Narayan stopped staring across the road and walked slowly towards the landing.
Swami said, ‘You want me kick him down the steps, sahib?’
They held him back too.
Narayan glanced at them. He looked sick.
‘Leave him alone,’ Ganesh said. ‘He finish, poor man.’
The boy said, ‘He look like a wet fowl.’
They heard him going down the steps, clop by clop.
The delegates who had been eating came out to the verandah in small groups, tumbler in hand. They were remaining as calm as possible and behaved as though Ganesh and his men were not there. They washed their hands over the wall and gargled. They talked and laughed, loudly.
Ganesh’s attention was caught by a short, stout gargler at the far end of the verandah. He thought he recognized the energy with which this man was gargling and spitting into the yard; and that over-all jauntiness was definitely familiar. From time to time the gargler gave a curious little hop, and that too Ganesh recognized.

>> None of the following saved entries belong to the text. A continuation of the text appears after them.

Lemma ipf_prefix_eq x w p q : leNk p q ->
  ipf x (zeroNk k) q = ipf w (zeroNk k) q ->
  ipf x (zeroNk k) p = ipf w (zeroNk k) p /\ ipf x p q = ipf w p q.
Proof.
move=> le_pq.
have [sx <-] := ip_comp x (le0Nk p) le_pq.
have [sw <-] := ip_comp w (le0Nk p) le_pq.
move=> /(kfactor_uniq sx sw); apply; first by rewrite !kdeg_ipf0.
by rewrite !ip_deg ?le0Nk.
Qed.

Lemma infpath_eq_diag x w :
  (forall n, ipf x (zeroNk k) (diagNk n) = ipf w (zeroNk k) (diagNk n)) -> x = w.
Proof.
move=> xw_diag.
have xw_le p q : leNk p q -> ipf x p q = ipf w p q.
  move=> le_pq.
  have [xw_q _] := ipf_prefix_eq (leNk_diag_bigmax q) (xw_diag _).
  exact: (ipf_prefix_eq le_pq xw_q).2.
apply: infpath_ext => p q; have [le_pq|nle_pq] := boolP (leNk p q); first exact: xw_le.
by rewrite !(ip_junk _ nle_pq) xw_le ?leNkxx.
Qed.

Lemma cyl_ipf0 w m :
  cyl (ipf w (zeroNk k) m) = [set x | ipf x (zeroNk k) m = ipf w (zeroNk k) m].
Proof. by rewrite /cyl kdeg_ipf0. Qed.

Lemma set1_bigcap_cyl w :
  [set w] = \bigcap_n cyl (ipf w (zeroNk k) (diagNk n)).
Proof.
apply/seteqP; split => x /=; first by move=> -> n _; rewrite cyl_ipf0.
by move=> x_cyl; apply: infpath_eq_diag => n; have := x_cyl n I; rewrite cyl_ipf0.
Qed.

Lemma borel_inf_cyl (l : L) : borel_inf (cyl l).
Proof. exact: sub_sigma_algebra. Qed.

Lemma borel_inf_set1 w : borel_inf [set w].
Proof.
by rewrite set1_bigcap_cyl; apply: g_sigma_algebra_bigcap => n; exact: borel_inf_cyl.
Qed.

Definition cylI (s : seq L) : set (infpath L) := \big[setI/setT]_(l <- s) cyl l.

Lemma setI_closed_cylI : setI_closed (range cylI).
Proof.
by move=> _ _ [s1 _ <-] [s2 _ <-]; exists (s1 ++ s2) => //; rewrite /cylI big_cat.
Qed.

Lemma borel_inf_cylI s : borel_inf (cylI s).
Proof.
rewrite /cylI; elim/big_ind: _ => //; first exact: g_sigma_algebra_setT.
  exact: g_sigma_algebra_setI.
by move=> l _; exact: borel_inf_cyl.
Qed.

Lemma borel_inf_sub_cylI : @borel_inf k L `<=` <<s range cylI >>.
Proof.
apply: sub_sigma_algebra2 => _ [l _ <-].
by exists [:: l] => //; rewrite /cylI big_seq1.
Qed.

End InfinitePaths.

Lemma pvm_setC (R : realType) (k : nat) (L : kgraph k) (H : hilbert R)
    (P : set (infpath L) -> H -> H) A h :
  pvm P -> borel_inf A -> P (~` A) h = h - P A h.
Proof.
move=> [_ P0 PT _ P_add] bA.
have bAC n : borel_inf (bigcup2 A (~` A) n).
  case: n => [|[|n]] /=; first exact: bA; first exact: g_sigma_algebra_setC.
  exact: sigma_algebra0.
have tAC : trivIset setT (bigcup2 A (~` A)) by rewrite -trivIset_bigcup2 setICr.
have h_split : h = P A h + P (~` A) h.
  have := P_add _ bAC tAC h; rewrite bigcup2E setUv PT => /hcvg_unique; apply.
  apply: (@hcvg_eventually_cst _ _ _ _ 2) => n n_ge2.
  rewrite -(subnK n_ge2) addn2 !big_ord_recl /= big1 => [|i _]; last by rewrite P0.
  by rewrite addr0.
by rewrite [X in _ = X - _]h_split addrAC subrr add0r.
Qed.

The man stopped gargling and looked around. ‘Ganesh! Ganesh Ramsumair!’
‘Indarsingh!’
He was plumper and moustached, but the weaving and bobbing, the effervescence that made him a star pupil at the Queen’s Royal College, remained. ‘Hello there, old boy.’
‘Man, you talking with a Oxford accent now, man. What happening, man?’
‘Easy, old boy. Nasty trick you’re playing against us. But you’re looking well. Demn well.’ He fingered his St Catherine’s Society tie and gave another hop.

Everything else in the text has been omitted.